» **Task**:
Give back a single number: the count of lines in the data that contain the string "Proof".

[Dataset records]
(* Let $f:(L_1,[\cdot,\cdot]_1,\alpha_1)\to(L_2,[\cdot,\cdot]_2,\alpha_2)$ be a morphism of Hom-Lie algebras over a field $F$. If $\mu_B$ is a fuzzy Hom-Lie subalgebra (respectively, fuzzy Hom-Lie ideal) of $L_2$, then the fuzzy set $\mu_{f^{-1}(B)}$ on $L_1$ defined by $\mu_{f^{-1}(B)}(x)=\mu_B(f(x))$ is a fuzzy Hom-Lie subalgebra (respectively, fuzzy Hom-Lie ideal) of $L_1$.
   Context: A Hom-Lie algebra over $F$ is a triple $(L,[\cdot,\cdot],\alpha)$ with $L$ an $F$-vector space, $\alpha:L\to L$ linear and $[\cdot,\cdot]$ bilinear, skew-symmetric, satisfying $[\alpha(x),[y,z]]+[\alpha(y),[z,x]]+[\alpha(z),[x,y]]=0$. A morphism of Hom-Lie algebras is a linear map $f$ with $f([x,y]_1)=[f(x),f(y)]_2$ and $f\circ\alpha_1=\alpha_2\circ f$. A fuzzy subset $\mu:L\to[0,1]$ is a fuzzy Hom-Lie subalgebra if for all $x,y\in L$, $c\in F$: $\mu(x+y)\ge\min\{\mu(x),\mu(y)\}$, $\mu(cx)\ge\mu(x)$, $\mu([x,y])\ge\min\{\mu(x),\mu(y)\}$, $\mu(\alpha(x))\ge\mu(x)$; it is a fuzzy Hom-Lie ideal if the third condition is replaced by $\mu([x,y])\ge\max\{\mu(x),\mu(y)\}$. *)

From mathcomp Require Import all_boot all_algebra.
From Stdlib Require Import Reals.
Set Implicit Arguments. Unset Strict Implicit. Unset Printing Implicit Defensive.
Import GRing.Theory.
Local Open Scope ring_scope.

Definition is_HomLie (F : fieldType) (L : lmodType F)
  (br : L -> L -> L) (al : L -> L) : Prop :=
  [/\ (forall a : F, forall x y z, br (a *: x + y) z = a *: br x z + br y z),
      (forall a : F, forall x y z, br x (a *: y + z) = a *: br x y + br x z),
      (forall x y, br x y = - br y x),
      (forall a : F, forall x y, al (a *: x + y) = a *: al x + al y)
    & (forall x y z, br (al x) (br y z) + br (al y) (br z x)
                     + br (al z) (br x y) = 0)].

Definition is_HomLie_morphism (F : fieldType) (L1 L2 : lmodType F)
  (br1 : L1 -> L1 -> L1) (al1 : L1 -> L1)
  (br2 : L2 -> L2 -> L2) (al2 : L2 -> L2) (f : L1 -> L2) : Prop :=
  [/\ (forall a : F, forall x y, f (a *: x + y) = a *: f x + f y),
      (forall x y, f (br1 x y) = br2 (f x) (f y))
    & (forall x, f (al1 x) = al2 (f x))].

Definition is_fuzzy_set (L : Type) (mu : L -> R) : Prop :=
  forall x, Rle (IZR 0) (mu x) /\ Rle (mu x) (IZR 1).

Definition fuzzy_HomLie_subalgebra (F : fieldType) (L : lmodType F)
  (br : L -> L -> L) (al : L -> L) (mu : L -> R) : Prop :=
  [/\ is_fuzzy_set mu,
      (forall x y, Rle (Rmin (mu x) (mu y)) (mu (x + y))),
      (forall (c : F) x, Rle (mu x) (mu (c *: x))),
      (forall x y, Rle (Rmin (mu x) (mu y)) (mu (br x y)))
    & (forall x, Rle (mu x) (mu (al x)))].

Definition fuzzy_HomLie_ideal (F : fieldType) (L : lmodType F)
  (br : L -> L -> L) (al : L -> L) (mu : L -> R) : Prop :=
  [/\ is_fuzzy_set mu,
      (forall x y, Rle (Rmin (mu x) (mu y)) (mu (x + y))),
      (forall (c : F) x, Rle (mu x) (mu (c *: x))),
      (forall x y, Rle (Rmax (mu x) (mu y)) (mu (br x y)))
    & (forall x, Rle (mu x) (mu (al x)))].

From mathcomp Require Import all_boot all_algebra.
From Stdlib Require Import Reals.
Import GRing.Theory.
Local Open Scope ring_scope.

(* Pulling back along f turns each closure condition on mu at (f x, f y) into
   the same condition on mu \o f at (x, y), since f commutes with +, *:, the
   bracket and the twist; only the morphism axioms are used, not the Hom-Lie
   identities of L1 and L2. *)

Section LinearCombinationMorphism.

Variables (F : fieldType) (L1 L2 : lmodType F) (f : L1 -> L2).
Hypothesis f_comb : forall (a : F) x y, f (a *: x + y) = a *: f x + f y.

Lemma comb_morphD x y : f (x + y) = f x + f y.
Proof. by have := f_comb 1 x y; rewrite !scale1r. Qed.

Lemma comb_morph0 : f 0 = 0.
Proof. by apply: (addrI (f 0)); rewrite -comb_morphD !addr0. Qed.

Lemma comb_morphZ (c : F) x : f (c *: x) = c *: f x.
Proof. by have := f_comb c x 0; rewrite !addr0 comb_morph0 addr0. Qed.

End LinearCombinationMorphism.

Lemma is_fuzzy_set_comp (T U : Type) (g : T -> U) (mu : U -> R) :
  is_fuzzy_set mu -> is_fuzzy_set (fun x => mu (g x)).
Proof. by move=> mu_fuzzy x; apply: mu_fuzzy. Qed.

Section FuzzyPreimage.

Variables (F : fieldType) (L1 L2 : lmodType F).
Variables (br1 : L1 -> L1 -> L1) (al1 : L1 -> L1).
Variables (br2 : L2 -> L2 -> L2) (al2 : L2 -> L2) (f : L1 -> L2).
Hypothesis f_morph : is_HomLie_morphism br1 al1 br2 al2 f.

Lemma fuzzy_HomLie_subalgebra_preimage (mu : L2 -> R) :
  fuzzy_HomLie_subalgebra br2 al2 mu ->
  fuzzy_HomLie_subalgebra br1 al1 (fun x => mu (f x)).
Proof.
case: f_morph => f_comb f_br f_al [mu_fuzzy muD muZ mu_br mu_al]; split.
- exact: is_fuzzy_set_comp.
- by move=> x y; rewrite comb_morphD.
- by move=> c x; rewrite comb_morphZ.
- by move=> x y; rewrite f_br.
- by move=> x; rewrite f_al.
Qed.

Lemma fuzzy_HomLie_ideal_preimage (mu : L2 -> R) :
  fuzzy_HomLie_ideal br2 al2 mu ->
  fuzzy_HomLie_ideal br1 al1 (fun x => mu (f x)).
Proof.
case: f_morph => f_comb f_br f_al [mu_fuzzy muD muZ mu_br mu_al]; split.
- exact: is_fuzzy_set_comp.
- by move=> x y; rewrite comb_morphD.
- by move=> c x; rewrite comb_morphZ.
- by move=> x y; rewrite f_br.
- by move=> x; rewrite f_al.
Qed.

End FuzzyPreimage.

Theorem theorem6p1 (F : fieldType) (L1 L2 : lmodType F)
  (br1 : L1 -> L1 -> L1) (al1 : L1 -> L1)
  (br2 : L2 -> L2 -> L2) (al2 : L2 -> L2) (f : L1 -> L2) (muB : L2 -> R) :
  is_HomLie br1 al1 -> is_HomLie br2 al2 ->
  is_HomLie_morphism br1 al1 br2 al2 f ->
  (fuzzy_HomLie_subalgebra br2 al2 muB ->
     fuzzy_HomLie_subalgebra br1 al1 (fun x => muB (f x))) /\
  (fuzzy_HomLie_ideal br2 al2 muB ->
     fuzzy_HomLie_ideal br1 al1 (fun x => muB (f x))).
Proof.
move=> _ _ f_morph; split.
- exact: fuzzy_HomLie_subalgebra_preimage.
- exact: fuzzy_HomLie_ideal_preimage.
Qed.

» **Solved problem**:
7